Species diversity is a measure of biological diversity in a specific ecological community. It considers three important ecological concepts: species richness, species abundance, and species evenness. Species richness is defined as the number of species present in a particular area, while species abundance is the number of individuals per species present in that area.  On the other hand, the distribution or evenness of the species present in that area is termed as species evenness. Species diversity is an important ecological concept in evaluating the healthiness of an ecosystem since the existence of a diverse and balanced number of species maintains the balance of an ecosystem. A more diverse ecosystem tends to be more productive and has a greater ability to withstand environmental stresses. Also, an ecosystem with greater species richness has higher productivity making it more sustainable and stable and could respond to more catastrophes.

Measures of Biodiversity

Two important measures of biodiversity with regards to spatial scale are alpha and beta diversity. Alpha diversity is the average species diversity in a particular area or habitat and is also termed as local diversity. It is a measure of microbiome diversity applicable to a single sample. On the other hand, beta diversity is the ratio between alpha diversity and regional diversity. It is the diversity of species between two habitats or the measure of similarity or dissimilarity of two regions. Alpha diversity gives an overview of the structure of an ecological community with respect to its species richness, species evenness, or both. In microbial ecology, a common initial approach to assess the difference between environments is through the analysis of alpha diversity of amplicon sequencing data. 

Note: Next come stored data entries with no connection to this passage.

(* The identity defining [zinv] holds for every representation [N / D] of the
   transform, not only for its witness. *)
Lemma zinv_conv N D h : D != 0 -> zinv (N%:F / D%:F) h ->
  forall p, conv D (zseq h) p = Defs.coefZ N p.
Proof.
move=> nzD [N' [D' [nzD' [eqF hD']]]].
have eqND : N * D' = N' * D.
  move/eqP: eqF; rewrite eq_sym eqr_div ?tofrac_eq0 //.
  by rewrite -!tofracM tofrac_eq => /eqP.
have convD' p : conv D' (zseq h) p = Defs.coefZ N' p.
  by rewrite -hD' /conv; apply: eq_bigr => i _; rewrite /zseq opprB.
move=> p; apply/eqP; rewrite -subr_eq0; apply/eqP; move: p.
apply: (@conv_eq0 D' _ (size D + size N)%N%:Z nzD').
  move=> q ltq; rewrite (@conv_eq0_gt D _ 0); first last.
  - by rewrite add0r; apply: le_lt_trans ltq; rewrite lez_nat leq_addr.
  - by case=> [[|k]|k].
  case: q ltq => k ltk /=; last by rewrite subrr.
  rewrite nth_default ?subrr //; move: ltk; rewrite ltz_nat => /ltnW.
  exact: leq_trans (leq_addl _ _).
move=> p; rewrite convBr -conv_mul mulrC conv_mul.
have -> : conv D (conv D' (zseq h)) p = conv D (Defs.coefZ N') p.
  by apply: eq_bigr => i _; rewrite convD'.
by rewrite !conv_coefZ mulrC -eqND mulrC subrr.
Qed.

Lemma zinv_deadbeat N l h : zinv (N%:F / ('X^l * ('X - 1))%:F) h ->
  forall k, h k = \sum_(j < k.+1) Defs.coefZ N (l.+1%:Z - j%:Z).
Proof.
move=> hN.
have nzD : ('X^l * ('X - 1) : {poly R}) != 0.
  by rewrite monic_neq0 // monicMl ?monicXn // -polyC1 monicXsubC.
have step p : zseq h (p - l%:Z - 1) - zseq h (p - l%:Z) = Defs.coefZ N p.
  by rewrite -(zinv_conv nzD hN) conv_mulXnl conv_XsubC1.
elim=> [|k IHk].
  have := step l.+1%:Z.
  have -> : l.+1%:Z - l%:Z - 1 = 0 by lia.
  have -> : l.+1%:Z - l%:Z = 1 by lia.
  by rewrite big_ord1 subr0 /zseq /= addn0.
have := step (l%:Z - k%:Z).
have -> : l%:Z - k%:Z - l%:Z - 1 = - k.+1%:Z by lia.
have -> : l%:Z - k%:Z - l%:Z = - k%:Z by lia.
rewrite /zseq !opprK /= => stepk; rewrite big_ord_recr /= -IHk.
have -> : l.+1%:Z - k.+1%:Z = l%:Z - k%:Z by lia.
by rewrite -stepk addrC subrK.
Qed.

Lemma zinv_deadbeat_settled N l h : zinv (N%:F / ('X^l * ('X - 1))%:F) h ->
  forall t, h (l.+1 + t)%N = h l.+1.
Proof.
move=> hN; elim=> [|t IHt]; first by rewrite addn0.
rewrite -IHt !(zinv_deadbeat hN) addnS big_ord_recr /=.
have -> : l.+1%:Z - (l.+1 + t).+1%:Z = - t.+1%:Z by lia.
by rewrite /= addr0.
Qed.
Lemma mulr_mx_diagonalized (x : L) (A : 'M[rat]_n) :
  (forall i : 'I_n, x * e`_i = \sum_k A i k *: e`_k) ->
  map_mx ratr A = embedding_mx *m diag_mx (\row_j sigma j x) *m invmx embedding_mx.
Proof.
move=> A_mulr; apply: canRL (mulmxK embedding_mx_unit) _; apply/matrixP => i j.
rewrite mul_mx_diag !mxE -rmorphM mulrC A_mulr rmorph_sum.
by apply: eq_bigr => k _; rewrite !mxE rmorphZ_rat.
Qed.

(* The separate size [k] accommodates the matrices behind [ftrace] and [fnorm],
   whose size [\dim fullv] is only propositionally equal to [n]. *)
Lemma det_mulr_embeddings k (A : 'M[rat]_k) (x : L) : k = n ->
  (forall i : 'I_k, x * e`_i = \sum_j A i j *: e`_j) -> ratr (\det A) = \prod_j sigma j x.
Proof.
move=> kn A_mulr; subst k.
rewrite -det_map_mx (mulr_mx_diagonalized A_mulr) !det_mulmx det_inv det_diag.
rewrite mulrC mulrA mulVr ?mul1r -?unitmxE ?embedding_mx_unit //.
by apply: eq_bigr => j _; rewrite mxE.
Qed.

Lemma trace_mulr_embeddings k (A : 'M[rat]_k) (x : L) : k = n ->
  (forall i : 'I_k, x * e`_i = \sum_j A i j *: e`_j) -> ratr (\tr A) = \sum_j sigma j x.
Proof.
move=> kn A_mulr; subst k.
rewrite -trace_map_mx (mulr_mx_diagonalized A_mulr) mxtrace_mulC mulKmx ?embedding_mx_unit //.
by rewrite mxtrace_diag; apply: eq_bigr => j _; rewrite mxE.
Qed.

End Embeddings.

Section ConjugatePairs.
Variables (r m : nat).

Rarefaction and Rarefaction Curve

The statistical technique or method used to evaluate species richness from the results of sampling is rarefaction. This technique is often applied to operational taxonomic unit analysis (OTUs) and is very useful in pollution and evolutionary ecology. Rarefaction can be used to determine whether a specific sample has been sufficiently sequenced to represent its identity. This can also be used to infer whether a group of samples are from the same community.

An example of sample-based rarefaction curves.Figure 1. An example of sample-based rarefaction curves. (Boussarie, 2018)

Rarefaction involves the selection of a certain number of samples which is either equal or less than to the number of samples (in the smallest sample), and then randomly discarding reads from the larger samples until the number of remaining samples is equal to the threshold. It is often done by subsampling without replacement, which means that each read that is selected and assigned to the normalized sample will not be included in the original pool of samples. This makes the data retained as a count data which allows it to be used for further analyses using other statistical tools.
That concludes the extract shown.